====== EXERCISE MATERIAL ======
Lemma jacobi_A2_neq0 :
  jacobi (cmul A (qchar F)) (cmul (cexp A 2) (cconj (cmul A (qchar F)))) != 0.
Proof.
rewrite /jacobi; under eq_bigr do rewrite [cmul (cexp A 2) _ _]cmulC conj_Aphi_mul_A2.
apply: (jacobi_neq0 hAphi hAphi sum_Aphi sum_Aphi).
have [a a0 Aa2] := mchar_sqr_nontrivial.
apply: (mchar_sum_eq0 (mchar_mul hAphi hAphi) a0); apply: contra Aa2 => /eqP <-.
by rewrite /cmul -expr2 exprMn qchar_sqr // mulr1.
Qed.

Lemma mulr_sum_mcharV (g : F -> algC) (h : F -> F) (c : F) : c != 0 ->
  (\sum_x g x * A (h x)) * A c^-1 = \sum_w A w * \sum_(x | h x == c * w) g x.
Proof.
move=> c0; rewrite mulr_suml.
under eq_bigr do rewrite -mulrA -(mcharM hA).
rewrite sum_fiber; apply: eq_bigr => w _; congr (_ * _).
by apply: eq_bigl => x; rewrite (can2_eq (divfK c0) (mulfK c0)) [w * c]mulrC.
Qed.

Lemma jacobi_phi_mulA (k : F) :
  (\sum_x qchar F x * A (x / (1 - x))) * A (k ^+ 2)^-1 =
  \sum_w A w * (qchar F w * qchar F (1 + k ^+ 2 * w)).
Proof.
have [-> | k0] := eqVneq k 0.
  rewrite expr0n /= invr0 (mchar0 hA) mulr0 -[LHS]sum_Aphi.
  by apply: eq_bigr => w _; rewrite mul0r addr0 qchar1 mulr1.
rewrite mulr_sum_mcharV ?expf_neq0 //; apply: eq_bigr => w _.
have [-> | w0] := eqVneq w 0; first by rewrite (mchar0 hA) !mul0r.
by rewrite (sum_qchar_fiber_mobius hodd) ?mulf_neq0 ?expf_neq0 // (qcharX2M hodd).
Qed.

Lemma jacobi_A2_mulA (k : F) : k != 0 ->
  (\sum_x qchar F (x * (1 - x)) * A (x * (1 - x))) * A (k ^+ 2)^-1 =
  \sum_w A w * (qchar F w * qchar F (1 - 4%:R * k ^+ 2 * w)).
Proof.
move=> k0; rewrite mulr_sum_mcharV ?expf_neq0 //.
rewrite (eq_bigr (fun w => cmul A (qchar F) w +
  A w * (qchar F w * qchar F (1 - 4%:R * k ^+ 2 * w)))) => [|w _].
  by rewrite big_split /= sum_Aphi add0r.
rewrite (sum_qchar_fiber_parabola hodd) (qcharX2M hodd) // [4%:R * (_ * _)]mulrA /cmul.
by ring.
Qed.

Lemma P21_phi_fiber z :
  P21 A (cmul A (qchar F)) (qchar F) z =
  \sum_x A x * \sum_(y | y / (1 - y) / (1 - z * y) == x) qchar F y.
Proof.
rewrite /P21 -sum_fiber; apply: eq_bigr => y _.
by rewrite conj_Aphi_mul_phi /cconj (conj_mchar hA) /cmul !(mcharM hA); ring.
Qed.

Lemma P21_A2_fiber z :
  P21 A (cmul A (qchar F)) (cexp A 2) z =
  \sum_x A x * \sum_(y | y * (1 - y) / (1 - z * y) == x) qchar F (y * (1 - y)).
Proof.
rewrite /P21 -(sum_fiber (fun y => qchar F (y * (1 - y)))); apply: eq_bigr => y _.
by rewrite conj_Aphi_mul_A2 /cconj (conj_mchar hA) /cmul !(mcharM hA) (qcharM hodd); ring.
Qed.

Lemma P21_phi_nonsquare z : z != 0 -> (forall s, s ^+ 2 != z) ->
  P21 A (cmul A (qchar F)) (qchar F) z = 0.
Proof.
move=> z0 z_nsq; rewrite P21_phi_fiber big1 // => x _.
have [-> | x0] := eqVneq x 0; first by rewrite (mchar0 hA) mul0r.
by rewrite (sum_qchar_fiber1_nonsquare hodd) ?mulr0.
Qed.

Lemma P21_phi_square s : s != 0 ->
  P21 A (cmul A (qchar F)) (qchar F) (s ^+ 2) =
  jacobi (cmul A (qchar F)) (cmul (qchar F) (cconj (cmul A (qchar F)))) *
    (A ((1 + s) ^+ 2)^-1 + A ((1 - s) ^+ 2)^-1).
Proof.
move=> s0; rewrite P21_phi_fiber jacobi_phiE mulrDr !jacobi_phi_mulA -big_split /=.
apply: eq_bigr => x _; have [-> | x0] := eqVneq x 0; first by rewrite (mchar0 hA) !mul0r addr0.
by rewrite (sum_qchar_fiber1_square hodd) //; ring.
Qed.

Lemma P21_A2_nonsquare z : (forall t, t ^+ 2 != 1 - z) ->
  P21 A (cmul A (qchar F)) (cexp A 2) z = 0.
Proof.
move=> z_nsq; rewrite P21_A2_fiber big1 // => x _.
have [-> | x0] := eqVneq x 0; first by rewrite (mchar0 hA) mul0r.
by rewrite (sum_qchar_fiber2_nonsquare hodd) ?mulr0.
Qed.

Lemma P21_A2_one :
  P21 A (cmul A (qchar F)) (cexp A 2) 1 =
  jacobi (cmul A (qchar F)) (cmul (cexp A 2) (cconj (cmul A (qchar F)))) *
    A ((1 / 2%:R) ^+ 2)^-1.
Proof.
have t0 := two_neq0 hodd.
rewrite P21_A2_fiber jacobi_A2E jacobi_A2_mulA ?mulf_neq0 ?oner_eq0 ?invr_eq0 //.
apply: eq_bigr => x _; have [-> | x0] := eqVneq x 0; first by rewrite (mchar0 hA) !mul0r.
by rewrite (sum_qchar_fiber2_one hodd) //; congr (_ * (_ * qchar F _)); field.
Qed.

Lemma P21_A2_square t : t != 0 -> 1 - t ^+ 2 != 0 ->
  P21 A (cmul A (qchar F)) (cexp A 2) (1 - t ^+ 2) =
  jacobi (cmul A (qchar F)) (cmul (cexp A 2) (cconj (cmul A (qchar F)))) *
    (A (((1 + t) / 2%:R) ^+ 2)^-1 + A (((1 - t) / 2%:R) ^+ 2)^-1).
Proof.
move=> t0 z0; have t20 := two_neq0 hodd.
have : (1 + t) * (1 - t) != 0 by apply: contra_neq z0 => <-; ring.
rewrite mulf_eq0 negb_or => /andP[p0 m0].
rewrite P21_A2_fiber jacobi_A2E mulrDr !jacobi_A2_mulA ?mulf_neq0 ?invr_eq0 // -big_split /=.
apply: eq_bigr => x _; have [-> | x0] := eqVneq x 0; first by rewrite (mchar0 hA) !mul0r addr0.
rewrite (sum_qchar_fiber2_square hodd) // -!mulrDr.
by congr (_ * (_ * (qchar F _ + qchar F _))); field.
Qed.

Lemma F21_Aphi_phi z : z != 0 ->
  F21 A (cmul A (qchar F)) (qchar F) z =
    (1 + qchar F z) / 2 *
      (cexp (cconj A) 2 (1 + sqrtF z) + cexp (cconj A) 2 (1 - sqrtF z)).
Proof.
move=> z0; rewrite /F21.
have [z_nsq | ] := sqrtF_cases z.
  by rewrite P21_phi_nonsquare // qchar_nonsquare // subrr !mul0r.
move: (sqrtF z) => s sz; have s0 : s != 0 by apply: contra_neq z0 => s0; rewrite -sz s0 expr0n.
rewrite -sz P21_phi_square // (qcharX2 hodd) // !cexp_conj2 mulrC mulKf ?jacobi_phi_neq0 //.
by field.
Qed.

Lemma F21_Aphi_A2 z : z != 0 ->
  F21 A (cmul A (qchar F)) (cexp A 2) z =
    (1 + qchar F (1 - z)) / 2 *
      (cexp (cconj A) 2 ((1 + sqrtF (1 - z)) / 2%:R)
       + cexp (cconj A) 2 ((1 - sqrtF (1 - z)) / 2%:R)).
Proof.
move=> z0; rewrite /F21.
have [z_nsq | ] := sqrtF_cases (1 - z).
  by rewrite P21_A2_nonsquare // qchar_nonsquare // subrr !mul0r.
move: (sqrtF (1 - z)) => t tz; have {tz}ez : z = 1 - t ^+ 2 by rewrite tz; ring.
rewrite {}ez in z0 *.
rewrite !cexp_conj2 (_ : 1 - (1 - t ^+ 2) = t ^+ 2); last by ring.
have [-> | t0] := eqVneq t 0.
  rewrite [0 ^+ 2]expr2 mul0r !subr0 qchar0 !addr0 P21_A2_one mulrC mulKf ?jacobi_A2_neq0 //.
  by field.
rewrite P21_A2_square // (qcharX2 hodd) // mulrC mulKf ?jacobi_A2_neq0 //.
by field.
Qed.

End CharacterOfOrderAtLeastThree.

Unset Implicit Arguments. Set Strict Implicit.

Theorem mainTheorem5 (F : finFieldType) (hodd : odd #|F|) (z : F) (hz : z != 0)
  (A : F -> algC) (hA : is_mchar A)
  (hord : cexp A 1 <> eps F /\ cexp A 2 <> eps F) :
  F21 A (cmul A (qchar F)) (qchar F) z =
    (1 + qchar F z) / 2 *
      (cexp (cconj A) 2 (1 + sqrtF z) + cexp (cconj A) 2 (1 - sqrtF z))
  /\
  F21 A (cmul A (qchar F)) (cexp A 2) z =
    (1 + qchar F (1 - z)) / 2 *
      (cexp (cconj A) 2 ((1 + sqrtF (1 - z)) / 2%:R)
       + cexp (cconj A) 2 ((1 - sqrtF (1 - z)) / 2%:R)).
Proof.
have hA2 := proj2 hord.
by split; [exact: F21_Aphi_phi | exact: F21_Aphi_A2].
Qed.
======
The required answer is the run of lines above, starting at the line with "(\sum_x qchar F (x" and ending at the line with "rewrite (eq_bigr (fun", reproduced exactly with both ends.

  (\sum_x qchar F (x * (1 - x)) * A (x * (1 - x))) * A (k ^+ 2)^-1 =
  \sum_w A w * (qchar F w * qchar F (1 - 4%:R * k ^+ 2 * w)).
Proof.
move=> k0; rewrite mulr_sum_mcharV ?expf_neq0 //.
rewrite (eq_bigr (fun w => cmul A (qchar F) w +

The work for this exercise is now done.